Prepare high-quality TTS training data from raw recordings. The pipeline is mostly a quality gate: it standardizes format, segments to a usable utterance length, denoises just enough, drops low-quality segments, and adds ASR text + timestamps so each kept segment is paired with a reliable label.

Looking for the inverse direction — generating speech from text? Two companion tutorials split synthesis by use case: Speaker TTS (pick a built-in voice) and Voice Cloning & TTS (clone a voice from a short reference).

Quick Start

vkit init my-tts-project --template tts
cd my-tts-project
# Put your audio files in ./data/
vkit docker run --tag asr pipeline.yaml --dry-run
vkit docker run --tag asr pipeline.yaml

What the Pipeline Does

Stage Operator Why
Format convert ffmpeg_convert Handle any input format (opus, flac, mp3, etc.)
Resample resample → 22.05kHz mono TTS standard sample rate; mono for single-speaker
Denoise speech_enhance (aggressiveness=0.3) Light denoising — preserve natural speech quality
VAD silero_vad (min 1s) Split into utterances; 1s minimum for meaningful TTS segments
SNR snr_estimate Measure signal-to-noise ratio
Filter quality_score_filter Keep only 2–15s segments with SNR > 15 dB
ASR + Align qwen3_asr (timestamps=true) Transcribe + word-level forced alignment in one pass
Pack pack_jsonl Output manifest with text, timestamps, quality metrics

Quality Checklist

Every kept segment in the output manifest satisfies all of these. Edit the filter stage if your dataset needs different thresholds.
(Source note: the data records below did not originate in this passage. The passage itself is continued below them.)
(* gcd of an arbitrary (possibly infinite) set of integers: the unique
   natural number n such that n divides every element of S and every
   common divisor of S divides n (n = 0 iff S is contained in {0}). *)
Definition is_gcd_set (S : int -> Prop) (n : nat) : Prop :=
  (forall i, S i -> (n%:Z %| i)%Z) /\
  (forall m : nat, (forall i, S i -> (m%:Z %| i)%Z) -> (m %| n)%N).

Definition gcd_set (S : int -> Prop) : nat :=
  epsilon (inhabits 0%N) (is_gcd_set S).

Section Graded.
Variable B : idomainType.
(* G i is the homogeneous component B_i *)
Variable G : int -> B -> Prop.

Definition is_Zgrading : Prop :=
  [/\ (forall i, G i 0),
      (forall i x y, G i x -> G i y -> G i (x - y)),
      (forall i j x y, G i x -> G j y -> G (i + j) (x * y)),
      (forall x : B, exists (s : seq int) (f : int -> B),
          [/\ uniq s, forall i, G i (f i) & x = \sum_(i <- s) f i])
    & (forall (s : seq int) (f : int -> B), uniq s -> (forall i, G i (f i)) ->
          \sum_(i <- s) f i = 0 -> forall i, i \in s -> f i = 0)].

Definition e_ring : nat := gcd_set (fun i => exists x, G i x /\ x <> 0).

Definition is_ideal (I : B -> Prop) : Prop :=
  [/\ I 0, (forall x y, I x -> I y -> I (x - y)) & (forall a x, I x -> I (a * x))].

Definition is_prime_ideal (P : B -> Prop) : Prop :=
  [/\ is_ideal P, ~ P 1 & (forall x y, P (x * y) -> P x \/ P y)].

Definition strict_incl (P Q : B -> Prop) : Prop :=
  (forall x, P x -> Q x) /\ exists x, Q x /\ ~ P x.

Definition prime_chain_to (P : B -> Prop) (n : nat) : Prop :=
  exists q : nat -> B -> Prop,
    [/\ forall k, (k <= n)%N -> is_prime_ideal (q k),
        forall k, (k < n)%N -> strict_incl (q k) (q k.+1)
      & forall x, q n x <-> P x].

Definition height_one (P : B -> Prop) : Prop :=
  is_prime_ideal P /\ prime_chain_to P 1 /\ ~ prime_chain_to P 2.

Definition is_homogeneous_ideal (P : B -> Prop) : Prop :=
  is_ideal P /\
  forall x, P x -> forall (s : seq int) (f : int -> B),
    uniq s -> (forall i, G i (f i)) -> x = \sum_(i <- s) f i ->
    forall i, i \in s -> P (f i).

(* e(B/P), where B/P carries the quotient grading (B/P)_i = image of B_i;
   (B/P)_i <> 0 iff some x in B_i is not in P. *)
Definition e_quot (P : B -> Prop) : nat :=
  gcd_set (fun i => exists x, G i x /\ ~ P x).

Definition X_set (d : nat) (x : B) : Prop :=
  x <> 0 /\ exists i : int, G i x /\ coprime `|i|%N d.

Definition Pi_set (p : nat) : Prop :=
  prime p /\ exists P, is_homogeneous_ideal P /\ height_one P /\ (p %| e_quot P)%N.

Definition Pi_star (d : nat) : Prop :=
  (0 < d)%N /\ forall p, Pi_set p -> ~~ (p %| d)%N.

End Graded.

(* The degrees of the homogeneous elements outside a prime P form an additively
   closed set of integers whose gcd is e(B/P), and an additively closed set whose
   gcd is prime to d contains an element prime to d: add up multiples of elements
   avoiding the various prime factors of d.  Taking P = 0 shows X_d is nonempty;
   (b) <-> (c) is elementary.  If e(B/P) and d share a factor, every homogeneous
   element of degree prime to d lies in P, whence (a) -> (b).  Conversely, a
   height-one prime P containing X_d contains a nonzero homogeneous element, so
   the elements all of whose homogeneous components lie in P form a nonzero prime
   inside P; since P has height one it equals P, so P is homogeneous, and (b)
   then yields an element of X_d outside P. *)

From Stdlib Require Import ClassicalEpsilon.
From mathcomp Require Import all_boot all_order all_algebra.
From mathcomp Require Import boolp.
Set Implicit Arguments. Unset Strict Implicit. Unset Printing Implicit Defensive.
Import Order.TTheory GRing.Theory Num.Theory.
Local Open Scope ring_scope.
Theorem lemma2p8 (R : rcfType) (n : nat) (r : 'I_n -> R) (i : 'I_n) (k : nat)
    (hk1 : (1 <= k)%N) (hkn : (k <= n)%N) :
  (exists (u v : seq R),
      [/\ size u = k, size v = k.-1,
          is_root_list (sigma_poly r k) u & is_root_list (q_poly r i k) v]) /\
  (forall (u v : seq R),
      size u = k -> size v = k.-1 -> nonincr u -> nonincr v ->
      is_root_list (sigma_poly r k) u -> is_root_list (q_poly r i k) v ->
      forall j : nat, (j < k.-1)%N ->
        u`_j.+1 <= v`_j /\ v`_j <= u`_j).
Proof.
case: k hk1 hkn => // k _ hkn; apply: interlacing_factorization_roots.
have [kn|nk] := ltnP k.+1 n; first exact: interlacing_generic.
by apply: interlacing_top; apply/eqP; rewrite eqn_leq hkn nk.
Qed.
Check Default Why this matters for TTS
Sample rate 22.05 kHz mono Matches VITS / FastSpeech2 / Tacotron2 training assumptions
Duration 2 s ≤ len ≤ 15 s < 2 s gives no prosody; > 15 s strains attention
SNR > 15 dB TTS reproduces noise; 15 dB ≈ speech 30× louder than noise
Text present and non-empty TTS training needs paired text
Alignment word-level present Enables phoneme-aligned training / inspection

Key Design Decisions

Why 22.05 kHz?

Most TTS systems (VITS, Tacotron2, FastSpeech2) use 22.05 kHz. Using 16 kHz loses high-frequency detail that matters for speech naturalness. 44.1/48 kHz is unnecessarily large.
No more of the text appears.